Like Words Together Reflections from the deep end of Practice.

7Jan/210

Coup Hangover

A student told me how grateful she was that I taught today. Others shared her sentiment, saying that my class brings some balance and normalcy during these riotous, pandemic days.

It feels so good to know that I'm helping people, but it's also fatiguing to create this for people.

It's estimated that 4000 people died from COVID today.

Trump is still in office despite having provoked a coup attempt.

I lightly bumped my left hip at the market, but I hit a tender point! My body reacted with intense pain that's still lingering, several hours and ibuprofen later. Thankfully I have PT tomorrow, so that tender point will get attention.

I picked up fresh rose water while at the market so I'll be experimenting with my coup cocktail again soon.

7Jan/210

Sedition

At the end of teaching chair yoga today I commented that we all might leave to see good news from the Georgia Senate runnoff election.

After lunch we planned to knock out a bunch of work on our back taxes.

Then the seditious riot began at the U.S. Capitol building.

We turned on a news channel, keeping it mostly muted worry captioning to reduce the load.

It's an utter fiasco.

Oh, and over 3,500 died from COVID in one day.

Biden was confirmed about 20 minutes ago.

Now we prepare for inauguration chaos.

6Jan/210

What Ifs

At therapy today I had a round of "what ifs".

What if I hadn't been born to a family with intergenerational trauma going back who knows how far?

What if anyone in my family took my side.

What if support within my family wasn't always transactional, if it was offered at all.

I noted, and my therapist agreed, that these part of my grieving. She reminded me that having a supportive family doesn't yield a positive results. Well-off people from loving families end up living on the street, alone.

They came up after considering how my Mother would say to me when I was an adult how hard she tried to be a good parent, that she did the best she could. As I process new trauma I'm once again angered at this, that this was the best she could do.

My therapist said that, sadly, this was true. She really couldn't have done better than what I got. It brings up the grief for a childhood that I never got.

I started the year by making the best gluten free cornbread ever! Bubbles!!! I'm making it again this week to try and replicate, then document!

5Jan/210

Back in Class

I started teaching online today. 13 students came and they're stayed after for kirtan! It felt pretty good to be back at it.

I considered taking another week off since CK is still off, but I think I made the right choice to start. We still have the afternoon to connect, aside from tomorrow which is a therapy day.

We're both continuing to make progress on various house projects. I feel hopeful that tomorrow's session won't be too destabilizing. I haven't felt as much from Age 6 Sherri the past 2 weeks; there's been a lot happening and she's felt cared for.

3Jan/210

New Year Nesting

I cleaned up cobwebs and sentient dust brings from the office downstairs. Then I vacuumed. I organized the storage area in a way that will enable us to have origami paper easy to get to. I also folded towels and put fresh linens on the bed!

A gift I ordered for CK for Christmas, a stunning light, arrived with a small chip. The expense was such, and it was a gift, that I told the company about it. Today a another lamp set arrived, no need to send back the slightly damaged one!!!

We'd considered a second for my side of the bed because CK set her gift up her side, loving the way it provided indirect, low light, and is a small sculpture. Now we have two!

This also meant a pair of small lamps, over if which I'd used in the bedroom, became altar lights. I love how it looks at the light it gives me while meditating is great!

I also got a reply to a difficult letter I sent last month; a company changed their bag-check policy after I had a terrible experience being told I had to check my wallet because wearing it on my body, as opposed to in a pocket, made it a "purse"

That feels HUGE!!

I'm sure I'll ache a lot when I wake up, but I feel good about what over accomplished!

2Jan/210

2021

So it goes. A new year is here but existence is still fraught. Time feels even more like this construct these days.

With that in mind, some hopes for the New Year.

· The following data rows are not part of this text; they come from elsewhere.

Record parsummable := Parsummable {
  Ob : Type;
  Mor : Type;
  dom : Mor -> Ob;
  cod : Mor -> Ob;
  idm : Ob -> Mor;
  comp : Mor -> Mor -> Mor;            (* comp g f = g o f *)
  dom_idm : forall X, dom (idm X) = X;
  cod_idm : forall X, cod (idm X) = X;
  dom_comp : forall g f, cod f = dom g -> dom (comp g f) = dom f;
  cod_comp : forall g f, cod f = dom g -> cod (comp g f) = cod g;
  comp_idr : forall f, comp f (idm (dom f)) = f;
  comp_idl : forall f, comp (idm (cod f)) f = f;
  compA : forall h g f, cod f = dom g -> cod g = dom h ->
    comp h (comp g f) = comp (comp h g) f;
  (* strict EM-action: u_* on objects and morphisms, [v,u]_X : u_*X -> v_*X *)
  act : (nat -> nat) -> Ob -> Ob;
  actm : (nat -> nat) -> Mor -> Mor;
  br : (nat -> nat) -> (nat -> nat) -> Ob -> Mor;
  dom_actm : forall u f, injective u -> dom (actm u f) = act u (dom f);
  cod_actm : forall u f, injective u -> cod (actm u f) = act u (cod f);
  actm_idm : forall u X, injective u -> actm u (idm X) = idm (act u X);
  actm_comp : forall u g f, injective u -> cod f = dom g ->
    actm u (comp g f) = comp (actm u g) (actm u f);
  dom_br : forall v u X, injective u -> injective v -> dom (br v u X) = act u X;
  cod_br : forall v u X, injective u -> injective v -> cod (br v u X) = act v X;
  br_nat : forall v u f, injective u -> injective v ->
    comp (actm v f) (br v u (dom f)) = comp (br v u (cod f)) (actm u f);
  br_id : forall u X, injective u -> br u u X = idm (act u X);
  br_comp : forall w v u X, injective u -> injective v -> injective w ->
    comp (br w v X) (br v u X) = br w u X;
  act_id : forall X, act id X = X;
  actm_id : forall f, actm id f = f;
  act_comp : forall u v X, injective u -> injective v ->
    act (u \o v) X = act u (act v X);
  actm_comp_fun : forall u v f, injective u -> injective v ->
    actm (u \o v) f = actm u (actm v f);
  br_comp_fun : forall u u' v v' X,
    injective u -> injective u' -> injective v -> injective v' ->
    br (u' \o v') (u \o v) X = comp (br u' u (act v' X)) (actm u (br v' v X));
  tame : forall X, exists A : seq nat, supported_on act X A;
  zero : Ob;
  supp_zero : forall a, ~ in_supp act zero a;
  plus : Ob -> Ob -> Ob;
  plusm : Mor -> Mor -> Mor;
  dom_plusm : forall f g, disj_supp act (dom f) (dom g) -> disj_supp act (cod f) (cod g) ->
    dom (plusm f g) = plus (dom f) (dom g);
  cod_plusm : forall f g, disj_supp act (dom f) (dom g) -> disj_supp act (cod f) (cod g) ->
    cod (plusm f g) = plus (cod f) (cod g);
  plusm_idm : forall X Y, disj_supp act X Y -> plusm (idm X) (idm Y) = idm (plus X Y);
  plusm_comp : forall f g f' g', cod f = dom f' -> cod g = dom g' ->
    disj_supp act (dom f) (dom g) -> disj_supp act (cod f) (cod g) ->
    disj_supp act (cod f') (cod g') ->
    plusm (comp f' f) (comp g' g) = comp (plusm f' g') (plusm f g);
  plus0r : forall X, plus X zero = X;
  plus0l : forall X, plus zero X = X;
  plusm0r : forall f, plusm f (idm zero) = f;
  plusm0l : forall f, plusm (idm zero) f = f;
  plusA : forall X Y Z, disj_supp act X Y -> disj_supp act X Z -> disj_supp act Y Z ->
    plus (plus X Y) Z = plus X (plus Y Z);
  plusmA : forall f g h,
    disj_supp act (dom f) (dom g) -> disj_supp act (dom f) (dom h) -> disj_supp act (dom g) (dom h) ->
    disj_supp act (cod f) (cod g) -> disj_supp act (cod f) (cod h) -> disj_supp act (cod g) (cod h) ->
    plusm (plusm f g) h = plusm f (plusm g h);
  plusC : forall X Y, disj_supp act X Y -> plus X Y = plus Y X;
  plusmC : forall f g, disj_supp act (dom f) (dom g) -> disj_supp act (cod f) (cod g) ->
    plusm f g = plusm g f;
  act_plus : forall u X Y, injective u -> disj_supp act X Y ->
    act u (plus X Y) = plus (act u X) (act u Y);
  actm_plusm : forall u f g, injective u ->
    disj_supp act (dom f) (dom g) -> disj_supp act (cod f) (cod g) ->
    actm u (plusm f g) = plusm (actm u f) (actm u g);
  br_plus : forall u X Y, injective u -> disj_supp act X Y ->
    br u id (plus X Y) = plusm (br u id X) (br u id Y)
}.

Section Sigma.
Variable C : parsummable.

(* injections phi : m x omega -> omega, curried *)
Definition inj2 (m : nat) (phi : 'I_m -> nat -> nat) : Prop :=
  forall i i' j j', phi i j = phi i' j' -> i = i' /\ j = j'.

Definition pstar (m : nat) (phi : 'I_m -> nat -> nat) (X : 'I_m -> Ob C) : Ob C :=
  \big[@plus C / zero C]_(i < m) @act C (phi i) (X i).

Definition pbr (m : nat) (phi' phi : 'I_m -> nat -> nat) (X : 'I_m -> Ob C) : Mor C :=
  \big[@plusm C / idm (zero C)]_(i < m) @br C (phi' i) (phi i) (X i).

Definition Hom (A B : Ob C) := { f : Mor C | dom f = A /\ cod f = B }.

Record triple (m n : nat) (X : 'I_m -> Ob C) (Y : 'I_n -> Ob C) := Triple {
  tphi : 'I_m -> nat -> nat;
  tphi_inj : inj2 tphi;
  tpsi : 'I_n -> nat -> nat;
  tpsi_inj : inj2 tpsi;
  tf : Hom (pstar tphi X) (pstar tpsi Y)
}.

Definition tsim (m n : nat) (X : 'I_m -> Ob C) (Y : 'I_n -> Ob C)
  (t t' : triple X Y) : Prop :=
  sval (tf t') = @comp C (pbr (tpsi t') (tpsi t) Y)
                        (@comp C (sval (tf t)) (pbr (tphi t) (tphi t') X)).

Definition tclass (m n : nat) (X : 'I_m -> Ob C) (Y : 'I_n -> Ob C)
  (t : triple X Y) : triple X Y -> Prop := fun s => tsim s t.

Definition Sigma (m n : nat) (X : 'I_m -> Ob C) (Y : 'I_n -> Ob C)
  (c : triple X Y -> Prop) : Prop := exists t : triple X Y, c = tclass t.

Definition to_Sigma (m n : nat) (X : 'I_m -> Ob C) (Y : 'I_n -> Ob C)
  (phi : 'I_m -> nat -> nat) (psi : 'I_n -> nat -> nat)
  (hphi : inj2 phi) (hpsi : inj2 psi)
  (f : Hom (pstar phi X) (pstar psi Y)) : triple X Y -> Prop :=
  tclass (Triple hphi hpsi f).

End Sigma.

From Pilot Require Import Defs.
From mathcomp Require Import all_boot zify.
From Stdlib Require Import Classical FunctionalExtensionality PropExtensionality ProofIrrelevance.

I'm hopeful vaccines will become available to us. I am hopeful I will get access more quickly than CK since I'm a hospice volunteer, this is good since I have more exposure.

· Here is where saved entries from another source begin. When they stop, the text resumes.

(* Suppose the family of update functions $\mathrm{Upd}$ satisfies P1 and P2. If $\mathcal{M}=(W,\mathcal{F})$ is a measure space, $\Pr\in\Delta_{\mathcal{M}}$, $B\in\mathcal{F}$, and $\mathrm{Upd}^{\mathcal{M}}(\Pr,B)=\{\Pr'\}$, then $\Pr'=\Pr(\cdot|B)$.
   Context: A measure space is a pair $\mathcal{M}=(W,\mathcal{F})$ with $\mathcal{F}$ an algebra of subsets of $W$; $\Delta_{\mathcal{M}}$ is the set of all probability measures on $\mathcal{M}$. An update function on $\mathcal{M}$ is a map $\mathrm{Upd}^{\mathcal{M}}:2^{\Delta_{\mathcal{M}}}\times\mathcal{F}\to 2^{\Delta_{\mathcal{M}}}$ such that $\mathrm{Upd}^{\mathcal{M}}(X,B)=\emptyset$ whenever $\Pr(B)=0$ for all $\Pr\in X$; $\mathrm{Upd}^{\mathcal{M}}(\Pr,B)$ means $\mathrm{Upd}^{\mathcal{M}}(\{\Pr\},B)$. A family $\mathrm{Upd}=\{\mathrm{Upd}^{\mathcal{M}}\}$ has one update function for each measure space. $\Pr(A|B)=\Pr(A\cap B)/\Pr(B)$. A representation shift from $\mathcal{M}=(W,\mathcal{F})$ to $\mathcal{M}'=(W',\mathcal{F}')$ is a surjection $f:W\to W'$ with $f^{-1}(B)\in\mathcal{F}$ for all $B\in\mathcal{F}'$; $(f^*(\Pr))(A)=\Pr(f^{-1}(A))$, $f^*(X)=\{f^*(\Pr):\Pr\in X\}$. P1: for all $\mathcal{M}$, $X\subseteq\Delta_{\mathcal{M}}$, $B\in\mathcal{F}$: $\mathrm{Upd}^{\mathcal{M}}(X,B)\subseteq\{\Pr\in\Delta_{\mathcal{M}}:\Pr(B)=1\}$. P2: for every representation shift $f$ from $\mathcal{M}$ to $\mathcal{M}'$, every $X\subseteq\Delta_{\mathcal{M}}$ and $B\in\mathcal{F}'$: $\mathrm{Upd}^{\mathcal{M}'}(f^*(X),B)=f^*(\mathrm{Upd}^{\mathcal{M}}(X,f^{-1}(B)))$. *)

From Stdlib Require Import Reals ProofIrrelevance.
Open Scope R_scope.

(* An algebra of subsets of W (subsets are predicates W -> Prop).
   Closure under intersection is redundant (follows from the others) but
   included for convenience. *)
Record algebra (W : Type) := {
  in_alg : (W -> Prop) -> Prop;
  alg_full : in_alg (fun _ => True);
  alg_compl : forall A, in_alg A -> in_alg (fun w => ~ A w);
  alg_union : forall A B, in_alg A -> in_alg B -> in_alg (fun w => A w \/ B w);
  alg_inter : forall A B, in_alg A -> in_alg B -> in_alg (fun w => A w /\ B w)
}.
Arguments in_alg {W} _ _.
Arguments alg_full {W} _.
Arguments alg_union {W} _ _ _ _ _.
Arguments alg_inter {W} _ _ _ _ _.

Definition mset {W : Type} (F : algebra W) := {A : W -> Prop | in_alg F A}.

Definition mfull {W} (F : algebra W) : mset F := exist _ (fun _ => True) (alg_full F).
Definition munion {W} {F : algebra W} (A B : mset F) : mset F :=
  exist _ (fun w => proj1_sig A w \/ proj1_sig B w)
        (alg_union F _ _ (proj2_sig A) (proj2_sig B)).
Definition minter {W} {F : algebra W} (A B : mset F) : mset F :=
  exist _ (fun w => proj1_sig A w /\ proj1_sig B w)
        (alg_inter F _ _ (proj2_sig A) (proj2_sig B)).

Record prob {W : Type} (F : algebra W) := {
  pr :> mset F -> R;
  pr_nonneg : forall A, 0 <= pr A;
  pr_full : pr (mfull F) = 1;
  pr_add : forall A B : mset F,
      (forall w, proj1_sig A w -> proj1_sig B w -> False) ->
      pr (munion A B) = pr A + pr B
}.
Arguments pr {W F} _ _.

Definition pset {W} (F : algebra W) := prob F -> Prop.
Definition psingle {W} {F : algebra W} (P : prob F) : pset F := fun Q => Q = P.

Definition upd_fun {W} (F : algebra W) := pset F -> mset F -> pset F.

Definition is_update_fun {W} {F : algebra W} (U : upd_fun F) : Prop :=
  forall (X : pset F) (B : mset F),
    (forall P, X P -> P B = 0) -> forall Q, ~ U X B Q.

Definition upd_family := forall (W : Type) (F : algebra W), upd_fun F.

Definition is_update_family (Upd : upd_family) : Prop :=
  forall (W : Type) (F : algebra W), is_update_fun (Upd W F).

Definition surjective {W W'} (f : W -> W') := forall y, exists x, f x = y.

Definition measurable_map {W W'} (F : algebra W) (F' : algebra W') (f : W -> W') :=
  forall B, in_alg F' B -> in_alg F (fun w => B (f w)).

Definition preim {W W'} {F : algebra W} {F' : algebra W'} {f : W -> W'}
  (Hf : measurable_map F F' f) (B : mset F') : mset F :=
  exist _ (fun w => proj1_sig B (f w)) (Hf _ (proj2_sig B)).

Lemma push_full {W W'} {F : algebra W} {F' : algebra W'} {f : W -> W'}
  (Hf : measurable_map F F' f) (P : prob F) : P (preim Hf (mfull F')) = 1.
Proof.
  rewrite <- (pr_full _ P). f_equal. unfold preim, mfull; simpl.
  f_equal. apply proof_irrelevance.
Qed.

Lemma push_add {W W'} {F : algebra W} {F' : algebra W'} {f : W -> W'}
  (Hf : measurable_map F F' f) (P : prob F) (A B : mset F') :
  (forall w, proj1_sig A w -> proj1_sig B w -> False) ->
  P (preim Hf (munion A B)) = P (preim Hf A) + P (preim Hf B).
Proof.
  intros Hd.
  rewrite <- (pr_add _ P (preim Hf A) (preim Hf B)).
  - f_equal. unfold preim, munion; simpl. f_equal. apply proof_irrelevance.
  - intros w; simpl; apply Hd.
Qed.

Definition push {W W'} {F : algebra W} {F' : algebra W'} {f : W -> W'}
  (Hf : measurable_map F F' f) (P : prob F) : prob F' :=
  {| pr := fun B => P (preim Hf B);
     pr_nonneg := fun B => pr_nonneg _ P (preim Hf B);
     pr_full := push_full Hf P;
     pr_add := push_add Hf P |}.

Definition pushset {W W'} {F : algebra W} {F' : algebra W'} {f : W -> W'}
  (Hf : measurable_map F F' f) (X : pset F) : pset F' :=
  fun Q => exists P, X P /\ Q = push Hf P.

Definition P1 (Upd : upd_family) : Prop :=
  forall (W : Type) (F : algebra W) (X : pset F) (B : mset F) (Q : prob F),
    Upd W F X B Q -> Q B = 1.

Definition P2 (Upd : upd_family) : Prop :=
  forall (W W' : Type) (F : algebra W) (F' : algebra W') (f : W -> W')
         (Hs : surjective f) (Hf : measurable_map F F' f)
         (X : pset F) (B : mset F') (Q : prob F'),
    Upd W' F' (pushset Hf X) B Q <-> pushset Hf (Upd W F X (preim Hf B)) Q.

(* Spread the mass [D {a0, b0}] over [n] two-point cells so that, for every [i],
   rotating the cells by [i] and then sending the first [m - 1] cells and half of
   the next one to [a0], the rest to [b0], pushes the spread measure back to [D].
   These [n] maps are representation shifts with the same preimage of [{a0, b0}],
   so by P2 one measure [R] in the update upstairs is pushed by each of them to the
   update [rho] of [D].  Each cell goes to [a0] under at most [m] of the rotations,
   hence [n rho {a0} <= m], and [m / n] tends to [D {a0} / D {a0, b0}].  Exchanging
   [a0] and [b0] and using P1 gives equality.  A general space reduces to this one
   through the map sorting points into [A /\ B], [B \ A] and the complement of [B]. *)
From Stdlib Require Import Reals Lra Lia Psatz ClassicalEpsilon FunctionalExtensionality
  PropExtensionality ProofIrrelevance Classical ZArith.
Open Scope R_scope.

Section FinitelyAdditiveProbability.
Context {W : Type} {F : algebra W}.

Lemma in_alg_ext (S T : W -> Prop) :
  (forall w, S w <-> T w) -> in_alg F S -> in_alg F T.
Proof.
  intros H HS. replace T with S; auto.
  apply functional_extensionality; intros w; apply propositional_extensionality; auto.
Qed.

Lemma in_alg_and_const (T : W -> Prop) (c : Prop) :
  in_alg F T -> in_alg F (fun w => T w /\ c).
Proof.
  intros HT. destruct (classic c) as [Hc|Hc].
  - apply (in_alg_ext T); auto. intros; tauto.
  - apply (in_alg_ext (fun w => ~ True)); [intros; tauto|]. apply alg_compl, alg_full.
Qed.

Lemma mset_ext (S T : mset F) :
  (forall w, proj1_sig S w <-> proj1_sig T w) -> S = T.
Proof.
  destruct S as [S HS], T as [T HT]; simpl; intros H.
  assert (S = T) as <-.
  { apply functional_extensionality; intro w; apply propositional_extensionality; auto. }
  f_equal. apply proof_irrelevance.
Qed.

Lemma pr_ext (P : prob F) (S T : mset F) :
  (forall w, proj1_sig S w <-> proj1_sig T w) -> P S = P T.
Proof. intros H; rewrite (mset_ext S T H); reflexivity. Qed.

Lemma prob_ext (P Q : prob F) : (forall A, P A = Q A) -> P = Q.
Proof.
  destruct P as [p p1 p2 p3], Q as [q q1 q2 q3]; simpl; intros H.
  assert (p = q) as <- by (apply functional_extensionality; auto).
  f_equal; apply proof_irrelevance.
Qed.

Definition mcompl (S : mset F) : mset F :=
  exist _ (fun w => ~ proj1_sig S w) (alg_compl W F _ (proj2_sig S)).

Lemma pr_compl (P : prob F) (S : mset F) : P (mcompl S) = 1 - P S.
Proof.
  rewrite <- (pr_full F P), (pr_ext P (mfull F) (munion S (mcompl S))).
  - rewrite pr_add; [lra|]. simpl; tauto.
  - intros w; simpl; split; [intros _; apply classic|tauto].
Qed.

Lemma pr_le1 (P : prob F) (S : mset F) : P S <= 1.
Proof. pose proof (pr_compl P S). pose proof (pr_nonneg F P (mcompl S)). lra. Qed.

Lemma pr_empty (P : prob F) (S : mset F) : (forall w, ~ proj1_sig S w) -> P S = 0.
Proof.
  intros H. assert (P S = P S + P S); [|lra].
  rewrite <- pr_add by (intros w Hw _; exact (H w Hw)).
  apply pr_ext; simpl; tauto.
Qed.

Lemma pr_split (P : prob F) (S T : mset F) :
  P S = P (minter S T) + P (minter S (mcompl T)).
Proof.
  rewrite <- pr_add by (simpl; tauto).
  apply pr_ext. intros w; simpl. destruct (classic (proj1_sig T w)); tauto.
Qed.

Lemma pr_mono (P : prob F) (S T : mset F) :
  (forall w, proj1_sig S w -> proj1_sig T w) -> P S <= P T.
Proof.
  intros H. rewrite (pr_split P T S), (pr_ext P (minter T S) S) by (simpl; firstorder).
  pose proof (pr_nonneg F P (minter T (mcompl S))). lra.
Qed.

Lemma pr_inter_of_full (P : prob F) (A B : mset F) : P B = 1 -> P A = P (minter A B).
Proof.
  intros HB. rewrite (pr_split P A B).
  assert (P (minter A (mcompl B)) <= P (mcompl B)) by (apply pr_mono; simpl; tauto).
  rewrite pr_compl in H. pose proof (pr_nonneg F P (minter A (mcompl B))). lra.
Qed.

I'm hopeful we'll be able to have routine health appointments next year, things like having our teeth cleaned.

I'm hopeful that CK and I will continue to work together to support each other.

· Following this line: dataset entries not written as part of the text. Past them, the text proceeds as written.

Lemma proj_psd_trace_bounds n (Q Z : 'M[C]_n) :
  adjmx Q = Q -> Q *m Q = Q -> psdmx Z -> 0 <= \tr (Q *m Z) <= \tr Z.
Proof.
have proj_trace_ge0 (P : 'M[C]_n) :
    adjmx P = P -> P *m P = P -> psdmx Z -> 0 <= \tr (P *m Z).
  move=> hP PP psdZ; have := psdmx_trace_ge0 (psdmx_conj P psdZ).
  by rewrite hP mxtrace_mulC mulmxA PP.
move=> hQ QQ psdZ; rewrite proj_trace_ge0 //= -subr_ge0.
rewrite -[X in \tr X - _]mul1mx -(raddfB (@mxtrace _ _)) -mulmxBl proj_trace_ge0 //.
  by rewrite adjmxB adjmx1 hQ.
by rewrite mulmxBl mul1mx mulmxBr mulmx1 QQ subrr subr0.
Qed.

Definition anc_embed m a : 'M[C]_(m * 2 ^ a, m) :=
  \matrix_(k, j) (mxtens_unindex k == (j, anc0 a))%:R.

Lemma anc_embed_isometry m a : adjmx (anc_embed m a) *m anc_embed m a = 1%:M.
Proof.
apply/matrixP => i j; rewrite !mxE (bigD1 (mxtens_index (i, anc0 a))) //=.
rewrite big1 => [|k ki]; last first.
  rewrite !mxE conjC_nat; case: eqP => [ki0|]; last by rewrite mul0r.
  by rewrite -ki0 mxtens_unindexK eqxx in ki.
rewrite !mxE mxtens_indexK conjC_nat eqxx mul1r addr0 xpair_eqE eqxx andbT.
by rewrite eq_sym.
Qed.

Lemma tensmx_anc_state m a (rho : 'M[C]_m) :
  tensmx rho (anc_state R a) = anc_embed m a *m rho *m adjmx (anc_embed m a).
Proof.
apply/matrixP => k l.
case: (mxtens_indexP k) => k1 k2; case: (mxtens_indexP l) => l1 l2.
rewrite tensmxE !mxE (bigD1 l1) //= big1 => [|j jl]; last first.
  by rewrite !mxE mxtens_indexK xpair_eqE conjC_nat eq_sym (negbTE jl) mulr0.
rewrite addr0 !mxE mxtens_indexK xpair_eqE eqxx conjC_nat /=.
rewrite (bigD1 k1) //= big1 => [|j jk]; last first.
  by rewrite !mxE mxtens_indexK xpair_eqE eq_sym (negbTE jk) mul0r.
rewrite addr0 !mxE mxtens_indexK xpair_eqE eqxx /=.
by case: (k2 == anc0 a); case: (l2 == anc0 a); rewrite /= ?mulr1 ?mul1r ?mulr0 ?mul0r.
Qed.

Definition accept_proj m a : 'M[C]_((m + m) * 2 ^ a) :=
  tensmx (proj1_first R m) 1%:M.

Lemma accept_proj_hermitian m a : adjmx (accept_proj m a) = accept_proj m a.
Proof.
rewrite /accept_proj adjmx_tens adjmx1 /proj1_first /adjmx tr_block_mx.
by rewrite map_block_mx !trmx0 !map_mx0 trmx1 map_mx1.
Qed.

Lemma accept_proj_idem m a : accept_proj m a *m accept_proj m a = accept_proj m a.
Proof.
rewrite /accept_proj tensmx_mul mulmx1 /proj1_first mulmx_block.
by rewrite !mulmx0 !mul0mx !addr0 add0r mulmx1.
Qed.

Lemma accept_probE m a (U : 'M[C]_((m + m) * 2 ^ a)) (rho : 'M[C]_(m + m)) :
  let W := U *m anc_embed (m + m) a in
  accept_prob U rho =
  \tr (accept_proj m a *m (W *m rho *m adjmx W)).
Proof. by rewrite /accept_prob tensmx_anc_state adjmxM !mulmxA. Qed.

Lemma accept_probB m a (U : 'M[C]_((m + m) * 2 ^ a)) (rho sigma : 'M[C]_(m + m)) :
  accept_prob U (rho - sigma) = accept_prob U rho - accept_prob U sigma.
Proof. by rewrite !accept_probE mulmxBr mulmxBl mulmxBr (raddfB (@mxtrace _ _)). Qed.

Lemma accept_prob_bounds m a (U : 'M[C]_((m + m) * 2 ^ a)) (rho : 'M[C]_(m + m)) :
  U \is unitarymx -> psdmx rho -> 0 <= accept_prob U rho <= \tr rho.
Proof.
move=> /unitarymxP /mulmx1C UU psd_rho; rewrite accept_probE.
set W := U *m _; have WW : adjmx W *m W = 1%:M.
  by rewrite adjmxM mulmxA -(mulmxA _ (adjmx U)) UU mulmx1 anc_embed_isometry.
have -> : \tr rho = \tr (W *m rho *m adjmx W) by rewrite mxtrace_adj_conj WW mul1mx.
apply: proj_psd_trace_bounds (psdmx_conj W psd_rho).
  exact: accept_proj_hermitian.
exact: accept_proj_idem.
Qed.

I'm hopeful that I will integrate several more terrible years of childhood trauma, giving me more balance and presence.

I am hopeful that we'll survive without Unemployment Insurance payments, even if it scares me.

I'm hopeful we'll really make a budget.

I am hopeful that we'll get rid of a lot of stuff and get better about having a cleaner, more organized home environment.

I am hopeful that we'll get the taxes caught up and paid off, somehow.

I am hopeful that CK's company will address relocation assistance and we will begin our move to Canada.

I am hopeful it will be safe to take long drives and walk on the beach again.